Directions for this task: Begin at the line containing "Definition wt (F" in the data below and go on through the line containing "k + (n - k), and", repeating each line exactly; include both ends and no other line.

>>

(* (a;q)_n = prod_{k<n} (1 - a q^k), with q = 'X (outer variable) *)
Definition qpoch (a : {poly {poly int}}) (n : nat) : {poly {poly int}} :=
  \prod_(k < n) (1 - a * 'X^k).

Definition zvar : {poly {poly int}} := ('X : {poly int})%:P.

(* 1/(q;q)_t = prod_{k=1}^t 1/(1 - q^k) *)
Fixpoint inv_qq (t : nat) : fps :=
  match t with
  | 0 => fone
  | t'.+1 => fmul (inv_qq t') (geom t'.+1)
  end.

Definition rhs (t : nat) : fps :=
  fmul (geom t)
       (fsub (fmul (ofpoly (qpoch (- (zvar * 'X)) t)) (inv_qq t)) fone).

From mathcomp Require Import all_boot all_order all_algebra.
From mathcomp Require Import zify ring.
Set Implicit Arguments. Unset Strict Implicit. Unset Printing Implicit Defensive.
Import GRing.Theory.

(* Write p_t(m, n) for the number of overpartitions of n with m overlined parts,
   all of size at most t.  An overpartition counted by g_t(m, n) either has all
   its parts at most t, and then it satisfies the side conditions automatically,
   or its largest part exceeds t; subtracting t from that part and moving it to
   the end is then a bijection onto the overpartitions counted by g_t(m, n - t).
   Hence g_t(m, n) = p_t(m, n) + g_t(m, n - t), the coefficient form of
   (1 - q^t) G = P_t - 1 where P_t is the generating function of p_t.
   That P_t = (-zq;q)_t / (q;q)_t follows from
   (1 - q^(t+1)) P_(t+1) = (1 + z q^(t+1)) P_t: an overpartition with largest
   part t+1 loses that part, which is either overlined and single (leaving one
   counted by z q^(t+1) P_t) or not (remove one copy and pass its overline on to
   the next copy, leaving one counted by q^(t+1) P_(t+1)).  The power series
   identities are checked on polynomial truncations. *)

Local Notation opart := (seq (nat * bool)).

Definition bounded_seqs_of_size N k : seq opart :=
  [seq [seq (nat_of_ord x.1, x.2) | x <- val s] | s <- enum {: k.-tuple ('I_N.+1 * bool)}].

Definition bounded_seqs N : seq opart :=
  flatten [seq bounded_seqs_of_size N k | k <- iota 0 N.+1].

<<
>>

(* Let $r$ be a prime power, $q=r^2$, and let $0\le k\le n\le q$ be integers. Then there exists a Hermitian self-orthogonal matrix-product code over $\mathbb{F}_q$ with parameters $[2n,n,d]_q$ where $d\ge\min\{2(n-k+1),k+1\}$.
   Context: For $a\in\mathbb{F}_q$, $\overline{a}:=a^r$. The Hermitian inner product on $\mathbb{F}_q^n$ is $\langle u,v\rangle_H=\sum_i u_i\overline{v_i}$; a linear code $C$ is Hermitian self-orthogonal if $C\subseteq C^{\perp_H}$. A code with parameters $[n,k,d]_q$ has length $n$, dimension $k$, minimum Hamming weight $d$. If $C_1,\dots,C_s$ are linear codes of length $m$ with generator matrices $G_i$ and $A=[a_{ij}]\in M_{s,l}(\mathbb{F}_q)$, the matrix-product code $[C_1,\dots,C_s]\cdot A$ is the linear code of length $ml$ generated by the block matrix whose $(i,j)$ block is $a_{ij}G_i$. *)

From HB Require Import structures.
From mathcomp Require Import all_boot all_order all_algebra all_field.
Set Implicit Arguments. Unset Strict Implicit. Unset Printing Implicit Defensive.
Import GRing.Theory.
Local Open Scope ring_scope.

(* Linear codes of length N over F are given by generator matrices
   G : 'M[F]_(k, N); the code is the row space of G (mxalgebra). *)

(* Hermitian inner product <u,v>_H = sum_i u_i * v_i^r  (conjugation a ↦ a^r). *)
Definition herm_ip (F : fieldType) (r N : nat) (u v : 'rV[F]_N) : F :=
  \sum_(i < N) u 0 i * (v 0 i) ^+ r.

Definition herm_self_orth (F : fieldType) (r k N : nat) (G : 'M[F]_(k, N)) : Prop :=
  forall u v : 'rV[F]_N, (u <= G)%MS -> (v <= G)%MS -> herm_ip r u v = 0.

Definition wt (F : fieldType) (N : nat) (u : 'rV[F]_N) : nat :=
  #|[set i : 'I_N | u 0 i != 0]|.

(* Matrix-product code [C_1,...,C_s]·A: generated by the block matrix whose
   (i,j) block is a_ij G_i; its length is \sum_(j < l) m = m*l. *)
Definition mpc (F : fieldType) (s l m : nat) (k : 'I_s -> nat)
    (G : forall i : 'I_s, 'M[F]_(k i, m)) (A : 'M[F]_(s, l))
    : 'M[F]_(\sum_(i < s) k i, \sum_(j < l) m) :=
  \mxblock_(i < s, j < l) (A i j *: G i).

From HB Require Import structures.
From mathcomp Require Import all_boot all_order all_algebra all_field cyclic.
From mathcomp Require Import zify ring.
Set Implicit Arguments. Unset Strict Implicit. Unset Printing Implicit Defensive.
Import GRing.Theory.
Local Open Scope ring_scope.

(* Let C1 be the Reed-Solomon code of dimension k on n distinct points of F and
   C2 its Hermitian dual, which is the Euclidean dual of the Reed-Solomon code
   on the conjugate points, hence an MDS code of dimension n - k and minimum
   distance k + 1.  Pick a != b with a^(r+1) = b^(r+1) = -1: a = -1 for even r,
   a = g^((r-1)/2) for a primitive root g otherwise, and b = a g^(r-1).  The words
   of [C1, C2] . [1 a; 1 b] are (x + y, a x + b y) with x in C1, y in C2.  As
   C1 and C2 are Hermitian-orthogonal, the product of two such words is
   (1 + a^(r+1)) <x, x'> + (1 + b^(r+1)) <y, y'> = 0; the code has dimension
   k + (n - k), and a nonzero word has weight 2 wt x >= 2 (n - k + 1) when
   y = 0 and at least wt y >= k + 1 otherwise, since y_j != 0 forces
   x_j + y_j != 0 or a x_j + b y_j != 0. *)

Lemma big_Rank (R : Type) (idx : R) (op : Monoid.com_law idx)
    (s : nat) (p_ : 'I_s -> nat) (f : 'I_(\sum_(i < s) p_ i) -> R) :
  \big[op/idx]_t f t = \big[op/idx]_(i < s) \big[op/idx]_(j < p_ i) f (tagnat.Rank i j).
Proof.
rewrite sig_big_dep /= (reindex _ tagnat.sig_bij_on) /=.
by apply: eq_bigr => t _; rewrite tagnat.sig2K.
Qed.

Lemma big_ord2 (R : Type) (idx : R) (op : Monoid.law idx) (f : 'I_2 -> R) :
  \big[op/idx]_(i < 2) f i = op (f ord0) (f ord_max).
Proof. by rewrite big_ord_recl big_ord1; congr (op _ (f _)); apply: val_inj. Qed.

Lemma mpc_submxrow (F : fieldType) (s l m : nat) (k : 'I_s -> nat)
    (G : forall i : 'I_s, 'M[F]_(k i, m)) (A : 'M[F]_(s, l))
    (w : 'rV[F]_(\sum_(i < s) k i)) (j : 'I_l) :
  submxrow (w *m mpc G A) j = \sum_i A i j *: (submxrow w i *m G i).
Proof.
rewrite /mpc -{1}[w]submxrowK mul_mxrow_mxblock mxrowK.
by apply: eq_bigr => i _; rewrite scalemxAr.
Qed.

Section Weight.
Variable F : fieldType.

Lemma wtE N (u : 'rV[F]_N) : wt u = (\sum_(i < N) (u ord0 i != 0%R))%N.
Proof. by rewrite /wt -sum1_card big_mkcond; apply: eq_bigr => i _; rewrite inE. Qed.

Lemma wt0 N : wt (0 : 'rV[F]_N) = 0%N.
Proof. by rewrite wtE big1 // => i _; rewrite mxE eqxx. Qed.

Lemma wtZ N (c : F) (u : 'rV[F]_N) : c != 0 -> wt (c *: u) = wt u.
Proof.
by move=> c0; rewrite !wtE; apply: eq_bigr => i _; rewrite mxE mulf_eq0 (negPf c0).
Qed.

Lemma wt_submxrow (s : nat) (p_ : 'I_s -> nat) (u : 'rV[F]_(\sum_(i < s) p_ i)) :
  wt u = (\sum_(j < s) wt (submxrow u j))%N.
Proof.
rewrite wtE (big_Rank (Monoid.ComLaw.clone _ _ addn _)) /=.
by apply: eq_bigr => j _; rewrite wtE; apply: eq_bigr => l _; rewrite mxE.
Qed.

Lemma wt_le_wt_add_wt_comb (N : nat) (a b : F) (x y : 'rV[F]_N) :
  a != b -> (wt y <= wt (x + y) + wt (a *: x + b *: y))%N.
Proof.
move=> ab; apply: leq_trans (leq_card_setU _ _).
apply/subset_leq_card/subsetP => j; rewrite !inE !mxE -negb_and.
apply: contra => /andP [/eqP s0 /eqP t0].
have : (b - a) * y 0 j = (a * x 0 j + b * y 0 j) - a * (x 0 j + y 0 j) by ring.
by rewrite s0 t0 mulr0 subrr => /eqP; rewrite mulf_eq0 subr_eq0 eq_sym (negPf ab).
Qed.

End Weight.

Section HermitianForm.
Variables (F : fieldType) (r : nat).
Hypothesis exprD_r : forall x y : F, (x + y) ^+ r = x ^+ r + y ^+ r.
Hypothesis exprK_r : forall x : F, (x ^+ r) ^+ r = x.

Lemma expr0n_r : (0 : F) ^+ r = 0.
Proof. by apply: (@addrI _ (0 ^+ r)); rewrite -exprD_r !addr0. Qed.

<<

Exercise answer:
Definition wt (F : fieldType) (N : nat) (u : 'rV[F]_N) : nat :=
  #|[set i : 'I_N | u 0 i != 0]|.

(* Matrix-product code [C_1,...,C_s]·A: generated by the block matrix whose
   (i,j) block is a_ij G_i; its length is \sum_(j < l) m = m*l. *)
Definition mpc (F : fieldType) (s l m : nat) (k : 'I_s -> nat)
    (G : forall i : 'I_s, 'M[F]_(k i, m)) (A : 'M[F]_(s, l))
    : 'M[F]_(\sum_(i < s) k i, \sum_(j < l) m) :=
  \mxblock_(i < s, j < l) (A i j *: G i).

From HB Require Import structures.
From mathcomp Require Import all_boot all_order all_algebra all_field cyclic.
From mathcomp Require Import zify ring.
Set Implicit Arguments. Unset Strict Implicit. Unset Printing Implicit Defensive.
Import GRing.Theory.
Local Open Scope ring_scope.

(* Let C1 be the Reed-Solomon code of dimension k on n distinct points of F and
   C2 its Hermitian dual, which is the Euclidean dual of the Reed-Solomon code
   on the conjugate points, hence an MDS code of dimension n - k and minimum
   distance k + 1.  Pick a != b with a^(r+1) = b^(r+1) = -1: a = -1 for even r,
   a = g^((r-1)/2) for a primitive root g otherwise, and b = a g^(r-1).  The words
   of [C1, C2] . [1 a; 1 b] are (x + y, a x + b y) with x in C1, y in C2.  As
   C1 and C2 are Hermitian-orthogonal, the product of two such words is
   (1 + a^(r+1)) <x, x'> + (1 + b^(r+1)) <y, y'> = 0; the code has dimension
   k + (n - k), and a nonzero word has weight 2 wt x >= 2 (n - k + 1) when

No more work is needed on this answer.